A novel about two neighboring families in a suburban town, the friendship between their children, a tragedy brought on by mental illness that reverberates over four decades, and the power of forgiveness.
Mary Beth Keane's new novel is...one of the most unpretentiously profound books I've read in a long time ... By switching perspective in every chapter, so that the narrative moves forward through the voice and world view of almost every member of the two families here, Keane develops her characters far beyond glib stereotypes ... Though Keane is younger than most of her characters, she writes with deep familiarity and precision about the lives of this particular generation of blue-collar Catholic New Yorkers ... As a writer, Keane reminds me a lot of Ann Patchett: Both have the magical ability to seem to be telling 'only' a closely-observed domestic tale that transforms into something else deep and, yes, universal. In Keane's case, that 'something else' is a story about forgiveness and acceptance—qualities that sound gooey, but are so hard to achieve in life. And, in the final moments of this modestly magnificent novel, even that blah title of Ask Again, Yes is ingeniously redeemed.

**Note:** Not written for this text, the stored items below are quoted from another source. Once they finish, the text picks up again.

Definition class_depth (K : list term) : nat :=
  match K with [_] => 0 | _ => 1 end.

Fixpoint potential (P : list (list term)) : nat :=
  match P with [] => 0 | K :: P' => class_weight K + potential P' end.

Definition same_class (P : list (list term)) (a b : term) : Prop :=
  exists K, In K P /\ In a K /\ In b K.

Record derived_partition (H : predset) (P : list (list term)) : Prop := {
  partition_nodup : NoDup (concat P);
  partition_terms : forall t, In t (concat P) -> terms H t;
  partition_derived : forall a b, same_class P a b -> satW H (potential P) (PEq a b) }.

Lemma class_weight_app A B : A <> [] -> B <> [] ->
  class_weight (A ++ B) =
  S (class_weight A + class_weight B + class_depth A + class_depth B).
Proof.
  intros HA HB.
  destruct A as [|x [|y A]]; [easy| |]; destruct B as [|x' [|y' B]]; try easy;
    simpl; rewrite ?length_app; simpl; lia.
Qed.

Lemma class_depth_two A a b : In a A -> In b A -> a <> b -> class_depth A = 1.
Proof.
  destruct A as [|x [|y A]]; simpl; try easy.
  intros [<-|[]] [<-|[]]. congruence.
Qed.

Lemma potential_le P : potential P <= 3 * length (concat P).
Proof.
  induction P as [|K P IH]; simpl; [lia|]. rewrite length_app.
  enough (class_weight K <= 3 * length K) by lia.
  destruct K as [|x [|y K]]; simpl; lia.
Qed.

Lemma potential_perm P Q : Permutation P Q -> potential P = potential Q.
Proof. induction 1; simpl; lia. Qed.

Lemma same_class_sym P a b : same_class P a b -> same_class P b a.
Proof. intros [K [HK [Ha Hb]]]. now exists K. Qed.

Lemma same_class_refl P t : In t (concat P) -> same_class P t t.
Proof. intros [K [HK Ht]]%in_concat. now exists K. Qed.

Lemma class_unique P (K K' : list term) t : NoDup (concat P) ->
  In K P -> In K' P -> In t K -> In t K' -> K = K'.
Proof.
  induction P as [|K0 P IH]; simpl; intros Hnd HK HK' Ht Ht'; [easy|].
  destruct HK as [<-|HK], HK' as [<-|HK']; try reflexivity.
  - exfalso. apply (NoDup_app_disjoint _ _ t Hnd Ht). apply in_concat. eauto.
  - exfalso. apply (NoDup_app_disjoint _ _ t Hnd Ht'). apply in_concat. eauto.
  - exact (IH (NoDup_app_remove_l _ _ Hnd) HK HK' Ht Ht').
Qed.

Lemma same_class_trans P a b c : NoDup (concat P) ->
  same_class P a b -> same_class P b c -> same_class P a c.
Proof.
  intros Hnd [K [HK [Ha Hb]]] [K' [HK' [Hb' Hc]]].
  rewrite <- (class_unique P K K' b Hnd HK HK' Hb Hb') in Hc. now exists K.
Qed.

Definition args_covered (P : list (list term)) (t : term) : Prop :=
  match t with Var _ => True | App _ xs => incl xs (concat P) end.

Section Partition.

Variable H : predset.

Lemma derived_partition_nil : derived_partition H [].
Proof.
  constructor; simpl.
  - constructor.
  - easy.
  - intros a b [K [[] _]].
Qed.

Lemma derived_partition_perm P Q :
  Permutation P Q -> derived_partition H P -> derived_partition H Q.
Proof.
  intros Hperm [Hnd HT Hder]. pose proof (Permutation_concat P Q Hperm) as Hc.
  constructor.
  - exact (Permutation_NoDup Hc Hnd).
  - intros t Ht. apply HT. exact (Permutation_in _ (Permutation_sym Hc) Ht).
  - intros a b [K [HK [Ha Hb]]]. rewrite <- (potential_perm P Q Hperm).
    apply Hder. exists K. split; [|now split].
    exact (Permutation_in _ (Permutation_sym Hperm) HK).
Qed.

Lemma derived_partition_add_singleton P t : derived_partition H P ->
  terms H t -> ~ In t (concat P) -> args_covered P t -> derived_partition H ([t] :: P).
Proof.
  intros [Hnd HT Hder] Ht Hnew Hargs. constructor; simpl.
  - now constructor.
  - intros s [<-|Hs]; auto.
  - intros a b [K [[<-|HK] [Ha Hb]]].
    + destruct Ha as [<-|[]], Hb as [<-|[]]. right.
      destruct t as [x|f xs]; [now apply step_cong_var|].
      apply step_cong; [exact Ht|exact Ht|].
      apply Forall2_diag. intros x Hx. apply Hder, same_class_refl, Hargs, Hx.
    + left. apply Hder. now exists K.
Qed.

Lemma satW_bridge n A B u v a b :
  (forall x y, In x A -> In y A -> satW H n (PEq x y)) ->
  (forall x y, In x B -> In y B -> satW H n (PEq x y)) ->
  In a A -> In u A -> In v B -> In b B ->
  terms H a -> terms H v -> terms H b ->
  satW H n (PEq u v) -> satW H (n + class_depth A + class_depth B) (PEq a b).
Proof.
  intros HA HB Ha Hu Hv Hb Ta Tv Tb Huv.
  assert (Hav : satW H (n + class_depth A) (PEq a v)).
  { destruct (classic (a = u)) as [->|Hau].
    - apply satW_monotone with n; [lia|exact Huv].
    - rewrite (class_depth_two A a u Ha Hu Hau), Nat.add_1_r.
      exact (satW_trans H n a u v Ta Tv (HA a u Ha Hu) Huv). }
  destruct (classic (b = v)) as [->|Hbv].
  - apply satW_monotone with (n + class_depth A); [lia|exact Hav].
  - rewrite (class_depth_two B b v Hb Hv Hbv), Nat.add_1_r.
    apply satW_trans with v; [exact Ta|exact Tb|exact Hav|].
    apply satW_monotone with n; [lia|exact (HB v b Hv Hb)].
Qed.

Lemma derived_partition_merge A B R u v :
  derived_partition H (A :: B :: R) -> In u A -> In v B ->
  satW H (S (potential (A :: B :: R))) (PEq u v) ->
  satW H (S (potential (A :: B :: R))) (PEq v u) ->
  derived_partition H ((A ++ B) :: R) /\
  potential (A :: B :: R) < potential ((A ++ B) :: R).
Proof.
  intros [Hnd HT Hder] Hu Hv Huv Hvu.
  set (n := S (potential (A :: B :: R))) in *.
  assert (Hpot : potential ((A ++ B) :: R) = n + class_depth A + class_depth B).
  { subst n. simpl. rewrite class_weight_app by (intros ->; easy). lia. }
  assert (TA : forall x, In x A -> terms H x).
  { intros x Hx. apply HT. simpl. apply in_or_app. now left. }
  assert (TB : forall x, In x B -> terms H x).
  { intros x Hx. apply HT. simpl. apply in_or_app. right. apply in_or_app. now left. }
  assert (DA : forall x y, In x A -> In y A -> satW H n (PEq x y)).
  { intros x y Hx Hy. apply satW_monotone with (potential (A :: B :: R)); [lia|].
    apply Hder. exists A. simpl. auto. }
  assert (DB : forall x y, In x B -> In y B -> satW H n (PEq x y)).
  { intros x y Hx Hy. apply satW_monotone with (potential (A :: B :: R)); [lia|].
    apply Hder. exists B. simpl. auto. }
  split; [|lia]. constructor.
  - simpl in *. now rewrite <- app_assoc.
  - intros t Ht. apply HT. simpl in *. now rewrite <- app_assoc in Ht.
  - rewrite Hpot. intros a b [K [[<-|HK] [Ha Hb]]].
    + apply in_app_or in Ha as [Ha|Ha], Hb as [Hb|Hb].
      * apply satW_monotone with n; [lia|auto].
      * apply (satW_bridge n A B u v); auto.
      * rewrite <- Nat.add_assoc, (Nat.add_comm (class_depth A)), Nat.add_assoc.
        apply (satW_bridge n B A v u); auto.
      * apply satW_monotone with n; [lia|auto].
    + apply satW_monotone with (potential (A :: B :: R)); [lia|].
      apply Hder. exists K. simpl. auto.
Qed.

Lemma derived_partition_join P u v : derived_partition H P ->
  In u (concat P) -> In v (concat P) -> ~ same_class P u v ->
  satW H (S (potential P)) (PEq u v) -> satW H (S (potential P)) (PEq v u) ->
  exists P', derived_partition H P' /\ potential P < potential P'.
Proof.
  intros HP [A [HA Hu]]%in_concat [B [HB Hv]]%in_concat Hsep Huv Hvu.
  assert (HAB : A <> B) by (intros <-; apply Hsep; now exists A).
  destruct (Permutation_two_members P A B HA HB HAB) as [R Hperm].
  rewrite (potential_perm _ _ Hperm) in *.
  destruct (derived_partition_merge A B R u v) as [HP' Hlt]; auto.
  - exact (derived_partition_perm P _ Hperm HP).
  - now exists ((A ++ B) :: R).
Qed.

End Partition.

Record congruence_closed (H : predset) (P : list (list term)) : Prop := {
  closed_covers : forall t, terms H t -> In t (concat P);
  closed_equations : forall u v, H (PEq u v) -> same_class P u v;
  closed_congruence : forall f xs ys, terms H (App f xs) -> terms H (App f ys) ->
    Forall2 (same_class P) xs ys -> same_class P (App f xs) (App f ys) }.

Section Completion.

Variable H : predset.

Lemma terms_covered_or_addable_term P :
  (forall t, terms H t -> In t (concat P)) \/
  exists t, terms H t /\ ~ In t (concat P) /\ args_covered P t.
Proof.
  destruct (classic (exists t, terms H t /\ ~ In t (concat P) /\ args_covered P t))
    as [Hnew|Hnone]; [now right|left].
  intros t. induction t as [x|f xs IH] using term_nested_ind; intros Ht;
    apply NNPP; intros Hout; apply Hnone.
  - now exists (Var x).
  - exists (App f xs). repeat split; [exact Ht|exact Hout|].
    intros a Ha. rewrite Forall_forall in IH.
    exact (IH a Ha (terms_arg H f xs a Ht Ha)).
Qed.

...well-wrought, emotionally affecting ... [a] beautifully observed story ... a narrative that holds many surprises, large and small ... Ask Again, Yes is a tale that will compel readers to think deeply about the ravages of unacknowledged mental illness, questions of family love and loyalty and the arduous journey toward healing and forgiveness.
Keane...writes about mental illness and substance abuse with acute sensitivity, and her characters are consistently, authentically lived-in. But they can also feel like less than the sum of their struggles: A late flashback to Anne’s native Ireland offers an enticing but too-brief glimpse of the formative pain in her past; Peter works so hard to tamp down his own trauma that he becomes a sort of cipher. It all makes for a tale smartly and solidly told, without ever quite piercing the veil that separates the reader from the human puzzle pieces on the page.